We view the net-zero transition as both urgent and opportunity. It’s no longer just about deploying renewables. it is about making those assets resilient, efficient, and sustainable.
Photom contributes in three key ways:
- We improve energy yield through autonomous cleaning, reducing wastage.
- We save drinkable water by replacing manual, water-based cleaning.
- We’re building recyclable and modular systems, and working on panel recycling to
address the end-of-life problem before it becomes a crisis.
Our roadmap is designed to support asset owners, IPPs, and governments in hitting their performance and ESG goals simultaneously.
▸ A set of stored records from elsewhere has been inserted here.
Lemma noncollision_normal f1 f2 :
  crit_pt p1 e1 p2 e2 om2 f1 f2 -> dist2 p1 e1 p2 e2 om2 f1 f2 <> 0 ->
  exists c s l1 l2, on_normal e1 e2 cw sw (cos f1) (sin f1) (cos f2) (sin f2) c s l1 l2 /\
    0 < s /\ normal_eq A B e1 e2 cw sw c s (l1 - e1 * c) (l2 - e2 * rotc cw sw c s) /\
    crit_form A B e1 e2 cw sw c s = 0.
Proof.
intros hcrit hd.
pose proof hadm as (_ & _ & he1 & he2).
assert (hw : cw ^ 2 + sw ^ 2 = 1) by apply cos2_sin2.
pose proof (cos2_sin2 f1) as hu1; pose proof (cos2_sin2 f2) as hu2.
destruct (crit_pt_normals p1 e1 p2 e2 om2 hadm f1 f2 hcrit) as [hn1 hn2].
rewrite dist2_gap in hd.
assert (hgap : gap_x p1 e1 p2 e2 cw sw (cos f1) (sin f1) (cos f2) (sin f2) <> 0 \/
               gap_y p1 e1 p2 e2 cw sw (cos f1) (sin f1) (cos f2) (sin f2) <> 0).
{ destruct (Req_dec (gap_x p1 e1 p2 e2 cw sw (cos f1) (sin f1) (cos f2) (sin f2)) 0) as [hx|hx];
    [right; intros hy; apply hd; fold cw sw; rewrite hx, hy; ring | left; exact hx]. }
destruct (common_normal p1 e1 p2 e2 cw sw he1 hw _ _ _ _ hu1 hu2 hgap hn1 hn2)
  as (c & s & l1 & l2 & hon & hgs).
pose proof (normal_equation p1 e1 p2 e2 cw sw he1 he2 hw _ _ _ _ _ _ _ _ hu1 hu2 hon hgs) as hNE.
destruct (on_normal_offsets _ _ _ _ _ _ _ _ _ _ _ _ hw hu1 hu2 hon) as [hd1 hd2].
pose proof (eliminant_eq0 _ _ _ _ _ _ _ _ _ _ hd1 hd2 hNE) as hF.
pose proof hon as (hcs & _); rewrite eliminant_factor, hcs, Rmult_1_l in hF.
fold A B cw sw in hF.
destruct (is_form_crit_form A B e1 e2 cw sw) as [hom _].
pose proof (crit_form_root_s_neq0 c s hcs hF) as hs.
destruct (Rlt_or_le 0 s) as [hpos | hneg].
- exists c, s, l1, l2; auto.
- exists (- c), (- s), (- l1), (- l2); split; [|split; [|split]].
  + apply on_normal_opp, hon.
  + lra.
  + replace (- l1 - e1 * - c) with (- (l1 - e1 * c)) by ring.
    replace (- l2 - e2 * rotc cw sw (- c) (- s)) with (- (l2 - e2 * rotc cw sw c s))
      by (unfold rotc; ring).
    apply normal_eq_opp, hNE.
  + replace (- c) with (-1 * c) by ring; replace (- s) with (-1 * s) by ring.
    rewrite hom, hF; ring.
Qed.

Lemma normal_slope_eq f c2 s2 c s l1 l2 :
  on_normal e1 e2 cw sw (cos (fst f)) (sin (fst f)) c2 s2 c s l1 l2 -> 0 < s ->
  normal_slope e1 f = c / s.
Proof.
intros (_ & hc1 & hs1 & _) hs; destruct genericity_factors as (he1 & _).
assert (hl1 : l1 <> 0).
{ intros ->; pose proof (cos2_sin2 (fst f)) as hu; rewrite hc1, hs1 in hu; nra. }
assert (s <> 0) by lra.
unfold normal_slope; rewrite hc1, hs1; field; auto.
Qed.

Lemma noncollision_slope_root f :
  crit_pt p1 e1 p2 e2 om2 (fst f) (snd f) -> dist2 p1 e1 p2 e2 om2 (fst f) (snd f) <> 0 ->
  crit_form A B e1 e2 cw sw (normal_slope e1 f) 1 = 0.
Proof.
intros hcrit hd.
destruct (noncollision_normal _ _ hcrit hd) as (c & s & l1 & l2 & hon & hs & _ & hF).
rewrite (normal_slope_eq _ _ _ _ _ _ _ hon hs).
apply (is_form_eq0_scale 10 _ s); [apply is_form_crit_form | lra |].
replace (s * (c / s)) with c by (field; lra); rewrite Rmult_1_r; exact hF.
Qed.

Lemma noncollision_slope_inj f f' : in_torus f -> in_torus f' ->
  crit_pt p1 e1 p2 e2 om2 (fst f) (snd f) -> dist2 p1 e1 p2 e2 om2 (fst f) (snd f) <> 0 ->
  crit_pt p1 e1 p2 e2 om2 (fst f') (snd f') -> dist2 p1 e1 p2 e2 om2 (fst f') (snd f') <> 0 ->
  normal_slope e1 f = normal_slope e1 f' -> f = f'.
Proof.
intros ht ht' hcrit hd hcrit' hd' hslope.
destruct genericity_factors as (he1 & he2 & hsw & hA & hB & hK1 & hK2 & hK3).
assert (hw : cw ^ 2 + sw ^ 2 = 1) by apply cos2_sin2.
destruct (noncollision_normal _ _ hcrit hd) as (c & s & l1 & l2 & hon & hs & hNE & _).
destruct (noncollision_normal _ _ hcrit' hd') as (c' & s' & l1' & l2' & hon' & hs' & hNE' & _).
rewrite (normal_slope_eq _ _ _ _ _ _ _ hon hs), (normal_slope_eq _ _ _ _ _ _ _ hon' hs') in hslope.
destruct (unit_eq_of_ratio c s c' s' (proj1 hon) (proj1 hon') hs hs' hslope) as [<- <-].
destruct (on_normal_offsets _ _ _ _ _ _ _ _ _ _ _ _ hw (cos2_sin2 _) (cos2_sin2 _) hon)
  as [hd1 hd2].
destruct (on_normal_offsets _ _ _ _ _ _ _ _ _ _ _ _ hw (cos2_sin2 _) (cos2_sin2 _) hon')
  as [hd1' hd2'].
destruct (normal_eq_unique A B e1 e2 cw sw hA hB he1 he2 hsw hw c s _ _ _ _ (proj1 hon)
  (Rgt_not_eq _ _ hs) hK1 hK2 hK3 hd1 hd2 hd1' hd2' hNE hNE') as [h1 h2].
assert (l1' = l1) by lra; assert (l2' = l2) by lra; subst l1' l2'.
destruct hon as (_ & hc1 & hs1 & hc2 & hs2), hon' as (_ & hc1' & hs1' & hc2' & hs2').
apply torus_eq; congruence.
Qed.

Lemma noncollision_count l : NoDup l ->
  (forall f, In f l -> in_torus f /\ crit_pt p1 e1 p2 e2 om2 (fst f) (snd f) /\
     dist2 p1 e1 p2 e2 om2 (fst f) (snd f) <> 0) ->
  (length l <= 10)%nat.
Proof.
intros hnd hl.
apply (count_by_form 10 _ (normal_slope e1) l (is_form_crit_form A B e1 e2 cw sw)
  crit_form_lead_coef_neq0 hnd).
- intros f hf; destruct (hl f hf) as (_ & hcrit & hd).
  exact (noncollision_slope_root f hcrit hd).
- intros f f' hf hf'; destruct (hl f hf) as (ht & hcrit & hd), (hl f' hf') as (ht' & hcrit' & hd').
  exact (noncollision_slope_inj f f' ht ht' hcrit hd hcrit' hd').
Qed.

Lemma collision_line_angles f1 f2 : dist2 p1 e1 p2 e2 om2 f1 f2 = 0 ->
  cos f2 = cos f1 * cw + sin f1 * sw /\ sin f2 = sin f1 * cw - cos f1 * sw /\
  (p1 * e2 * cw - p2 * e1) * cos f1 + p1 * e2 * sw * sin f1 = p2 - p1.
Proof.
intros hd; pose proof hadm as (hp1 & hp2 & he1 & he2).
rewrite dist2_gap, <- !Rsqr_pow2 in hd; apply Rplus_sqr_eq_0 in hd as [hx hy].
exact (collision_line p1 e1 p2 e2 cw sw hp1 hp2 he1 he2 (cos2_sin2 om2) _ _ _ _
  (cos2_sin2 f1) (cos2_sin2 f2) hx hy).
Qed.

Lemma collision_count l : NoDup l ->
  (forall f, In f l -> in_torus f /\ dist2 p1 e1 p2 e2 om2 (fst f) (snd f) = 0) ->
  (length l <= 2)%nat.
Proof.
intros hnd hl; pose proof hadm as (hp1 & _).
destruct genericity_factors as (_ & he2 & hsw & _).
set (a := p1 * e2 * cw - p2 * e1); set (b := p1 * e2 * sw); set (k := p2 - p1).
assert (hb : b <> 0) by (unfold b; repeat apply Rmult_integral_contrapositive_currified; lra).
apply (count_by_form 2 (fun x y => (a ^ 2 + b ^ 2) * x ^ 2 - 2 * a * k * x * y + (k ^ 2 - b ^ 2) * y ^ 2)
  (fun f => cos (fst f))); [solve_form | | exact hnd | |].
- pose proof (pow2_ge_0 a); pose proof (pow2_gt_0 b hb); apply Rgt_not_eq; nra.
- intros f hf; destruct (hl f hf) as (_ & hd).
  destruct (collision_line_angles _ _ hd) as (_ & _ & hline); fold a b k in hline.
  rewrite <- hline; transitivity (b ^ 2 * (cos (fst f) ^ 2 + sin (fst f) ^ 2 - 1)); [ring|].
  rewrite cos2_sin2; ring.
- intros f f' hf hf' hc; destruct (hl f hf) as (ht & hd), (hl f' hf') as (ht' & hd').
  destruct (collision_line_angles _ _ hd) as (hc2 & hs2 & hline).
  destruct (collision_line_angles _ _ hd') as (hc2' & hs2' & hline'); fold a b k in hline, hline'.
  assert (hs : sin (fst f) = sin (fst f')) by (apply (Rmult_eq_reg_l b); [rewrite hc in hline; lra | exact hb]).
  apply torus_eq; congruence.
Qed.

Lemma critical_count l : NoDup l ->
  (forall f, In f l -> in_torus f /\ crit_pt p1 e1 p2 e2 om2 (fst f) (snd f)) ->
  (length l <= 12)%nat.
Proof.
intros hnd hl.
set (collision := fun f : R * R =>
  if Req_EM_T (dist2 p1 e1 p2 e2 om2 (fst f) (snd f)) 0 then true else false).
rewrite <- (filter_length collision l).
enough ((length (filter collision l) <= 2)%nat /\
        (length (filter (fun f => negb (collision f)) l) <= 10)%nat) by lia.
split; [apply collision_count | apply noncollision_count]; try apply NoDup_filter, hnd;
  intros f hf; apply filter_In in hf as [hf hc]; unfold collision in hc;
  destruct (hl f hf) as [ht hcrit];
  destruct Req_EM_T; try discriminate; auto.
Qed.

End Counting.

(** * The genericity polynomial *)

Definition poly6_const (r : R) : poly6 := (r, (0, 0, 0, 0, 0, 0)%nat) :: nil.
Definition poly6_mono (m : mono6) : poly6 := (1, m) :: nil.
Definition poly6_add (P Q : poly6) : poly6 := P ++ Q.
Definition poly6_opp (P : poly6) : poly6 := map (fun cm => (- fst cm, snd cm)) P.

Definition mono6_mul (m n : mono6) : mono6 :=
  match m, n with (a1, a2, a3, a4, a5, a6), (b1, b2, b3, b4, b5, b6) =>
    (a1 + b1, a2 + b2, a3 + b3, a4 + b4, a5 + b5, a6 + b6)%nat end.

Definition poly6_mul (P Q : poly6) : poly6 :=
  flat_map (fun cm => map (fun dn => (fst cm * fst dn, mono6_mul (snd cm) (snd dn))) Q) P.

Fixpoint poly6_pow (P : poly6) (n : nat) : poly6 :=
  match n with O => poly6_const 1 | S n => poly6_mul P (poly6_pow P n) end.

Section Poly6Eval.

Variables x1 x2 x3 x4 x5 x6 : R.
Let ev (P : poly6) := eval_poly6 P x1 x2 x3 x4 x5 x6.

Lemma eval_poly6_cons c m P :
  ev ((c, m) :: P) = c * eval_mono6 m x1 x2 x3 x4 x5 x6 + ev P.
Proof. reflexivity. Qed.

Lemma eval_poly6_const r : ev (poly6_const r) = r.
Proof. unfold ev, eval_poly6; simpl; ring. Qed.

Lemma eval_poly6_mono m : ev (poly6_mono m) = eval_mono6 m x1 x2 x3 x4 x5 x6.
Proof. unfold ev, eval_poly6; simpl; ring. Qed.

Lemma eval_poly6_add P Q : ev (poly6_add P Q) = ev P + ev Q.
Proof.
induction P as [|[c m] P IH]; [unfold ev, eval_poly6; simpl; ring|].
unfold poly6_add in *; rewrite <- app_comm_cons, !eval_poly6_cons, IH; ring.
Qed.

Lemma eval_poly6_opp P : ev (poly6_opp P) = - ev P.
Proof.
induction P as [|[c m] P IH]; [unfold ev, eval_poly6; simpl; ring|].
unfold poly6_opp in *; simpl map; rewrite !eval_poly6_cons, IH; simpl; ring.
Qed.

Lemma eval_mono6_mul m n :
  eval_mono6 (mono6_mul m n) x1 x2 x3 x4 x5 x6
  = eval_mono6 m x1 x2 x3 x4 x5 x6 * eval_mono6 n x1 x2 x3 x4 x5 x6.
Proof.
destruct m as [[[[[a1 a2] a3] a4] a5] a6], n as [[[[[b1 b2] b3] b4] b5] b6].
simpl; rewrite !pow_add; ring.
Qed.

Lemma eval_poly6_scale c m Q :
  ev (map (fun dn => (c * fst dn, mono6_mul m (snd dn))) Q)
  = c * eval_mono6 m x1 x2 x3 x4 x5 x6 * ev Q.
Proof.
induction Q as [|[d n] Q IH]; [unfold ev, eval_poly6; simpl; ring|].
cbn [map fst snd]; rewrite !eval_poly6_cons, IH, eval_mono6_mul; ring.
Qed.

Lemma eval_poly6_mul P Q : ev (poly6_mul P Q) = ev P * ev Q.
Proof.
induction P as [|[c m] P IH]; [unfold ev, eval_poly6; simpl; ring|].
unfold poly6_mul in *; cbn [flat_map fst snd].
rewrite eval_poly6_add, IH, eval_poly6_scale, eval_poly6_cons; ring.
Qed.

Lemma eval_poly6_pow P n : ev (poly6_pow P n) = ev P ^ n.
Proof.
induction n as [|n IH]; simpl; [apply eval_poly6_const|].
rewrite eval_poly6_mul, IH; reflexivity.
Qed.

End Poly6Eval.

Declare Scope poly6_scope.
Delimit Scope poly6_scope with poly6.
Infix "+" := poly6_add : poly6_scope.
Infix "*" := poly6_mul : poly6_scope.
Infix "^" := poly6_pow : poly6_scope.
Notation "- P" := (poly6_opp P) : poly6_scope.
Notation "P - Q" := (poly6_add P (poly6_opp Q)) : poly6_scope.

Section Genericity6.

Local Open Scope poly6_scope.

Definition rotc6 (cw sw c s : poly6) := c * cw + s * sw.
Definition rots6 (cw sw c s : poly6) := s * cw - c * sw.
Definition Lf6 (A B cw sw c s : poly6) := A * s - B * rots6 cw sw c s.
Definition Pf6 (A e1 c s : poly6) := A * e1 * s * c.
Definition Qf6 (B e2 cw sw c s : poly6) := B * e2 * rots6 cw sw c s * rotc6 cw sw c s.
Definition D1f6 (e1 c s : poly6) := c ^ 2 + s ^ 2 - e1 ^ 2 * s ^ 2.
Definition D2f6 (e2 cw sw c s : poly6) := c ^ 2 + s ^ 2 - e2 ^ 2 * rots6 cw sw c s ^ 2.

Definition genericity6 (p1 p2 e1 e2 cw sw : poly6) : poly6 :=
  let A := p1 * e1 * (poly6_const 1 - e2 ^ 2) in
  let B := p2 * e2 * (poly6_const 1 - e1 ^ 2) in
  let zero := poly6_const 0 in let one := poly6_const 1 in
  let u := A - B * cw in let v := - (B * sw) in
  e1 * e2 * sw
  * (Lf6 A B cw sw zero one ^ 2 * D2f6 e2 cw sw zero one - Qf6 B e2 cw sw zero one ^ 2)
  * (Lf6 A B cw sw (- sw) cw ^ 2 * D1f6 e1 (- sw) cw - Pf6 A e1 (- sw) cw ^ 2)
  * (Pf6 A e1 u v ^ 2 * D2f6 e2 cw sw u v - Qf6 B e2 cw sw u v ^ 2 * D1f6 e1 u v).

End Genericity6.

Definition genericity_poly6 : poly6 :=
  genericity6 (poly6_mono (1, 0, 0, 0, 0, 0)%nat) (poly6_mono (0, 1, 0, 0, 0, 0)%nat)
    (poly6_mono (0, 0, 1, 0, 0, 0)%nat) (poly6_mono (0, 0, 0, 1, 0, 0)%nat)
    (poly6_mono (0, 0, 0, 0, 1, 0)%nat) (poly6_mono (0, 0, 0, 0, 0, 1)%nat).

Lemma eval_genericity_poly6 p1 p2 e1 e2 cw sw :
  eval_poly6 genericity_poly6 p1 p2 e1 e2 cw sw = genericity p1 p2 e1 e2 cw sw.
Proof.
unfold genericity_poly6, genericity6, Lf6, Pf6, Qf6, D1f6, D2f6, rotc6, rots6.
repeat rewrite ?eval_poly6_mul, ?eval_poly6_add, ?eval_poly6_opp, ?eval_poly6_pow,
  ?eval_poly6_const, ?eval_poly6_mono.
unfold genericity, LQ_form, LP_form, PQ_form, Lf, Pf, Qf, D1f, D2f, rotc, rots; simpl; ring.
Qed.

Lemma genericity_sample : genericity 1 1 (1 / 2) (1 / 3) 0 1 <> 0.
Proof.
replace (genericity 1 1 (1 / 2) (1 / 3) 0 1) with (608285 / 2380311484416)
  by (unfold genericity, LQ_form, LP_form, PQ_form, Lf, Pf, Qf, D1f, D2f, rotc, rots; field).
apply Rgt_not_eq, Rdiv_lt_0_compat; lra.
Qed.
Q5. What are the most significant challenges your company is currently facing in the renewable energy sector, and what strategies are you implementing to overcome them?
Like many climate-tech companies, one of our biggest challenges is balancing rapid product development with affordability at scale. The market needs cutting-edge solutions at a price that works for emerging economies. We’ve addressed this by shifting to a service-based business model offering Robotic Cleaning-as-a-Service (RCaaS) and SaaS licensing for APM platform. This reduces entry barriers for customers and gives us predictable recurring revenue. On the technical side, we’re constantly improving durability and reliability through real-world testing and feedback from field teams. We’ve also begun building local manufacturing partnerships to control quality and costs as we scale.
Q6. How do you envision the company evolving over the next few years, and are there any innovative projects or product launches on the horizon that your clients should be aware of?
We see Photom evolving into a performance management platform for renewable energy systems a layer that not only monitors but acts, predicts, and sustains energy assets.
On the innovation front, we’re launching our AI-driven Energy Management System (EMS) that intelligently integrates rooftop solar, BESS, and grid usage for small and mid-scale customers. We’re also in R&D for a solar panel recycling system that uses robotics to safely dismantle and recover materials. We believe the next few years are about closing the loop by ensuring clean energy is not just deployed, but optimized and sustained throughout its lifecycle.
Q7. What are the company’s strategic goals for the renewable energy sector, both in the short-term and long-term, and how do you plan to achieve them?
In the short term, our focus is on scaling our RCaaS and AMS platform across 2–3 GW of solar assets in India and Southeast Asia, and launching commercial pilots in Japan and the Middle East. We’re also strengthening partnerships with EPCs and IPPs who are looking for more reliable, cost-effective O&M solutions.
In the long term, we aim to become a global leader in autonomous O&M and circular energy infrastructure. Our goal is to help reduce 1 million tons of CO₂ annually by 2030, onboard 12.5 GW of solar plants, and achieve $30M in recurring revenue by offering an integrated stack across cleaning, predictive O&M, battery management, and recycling.
To get there, we’re investing in R&D, expanding our team, and building collaborations across continents with a strong focus on execution, not just vision.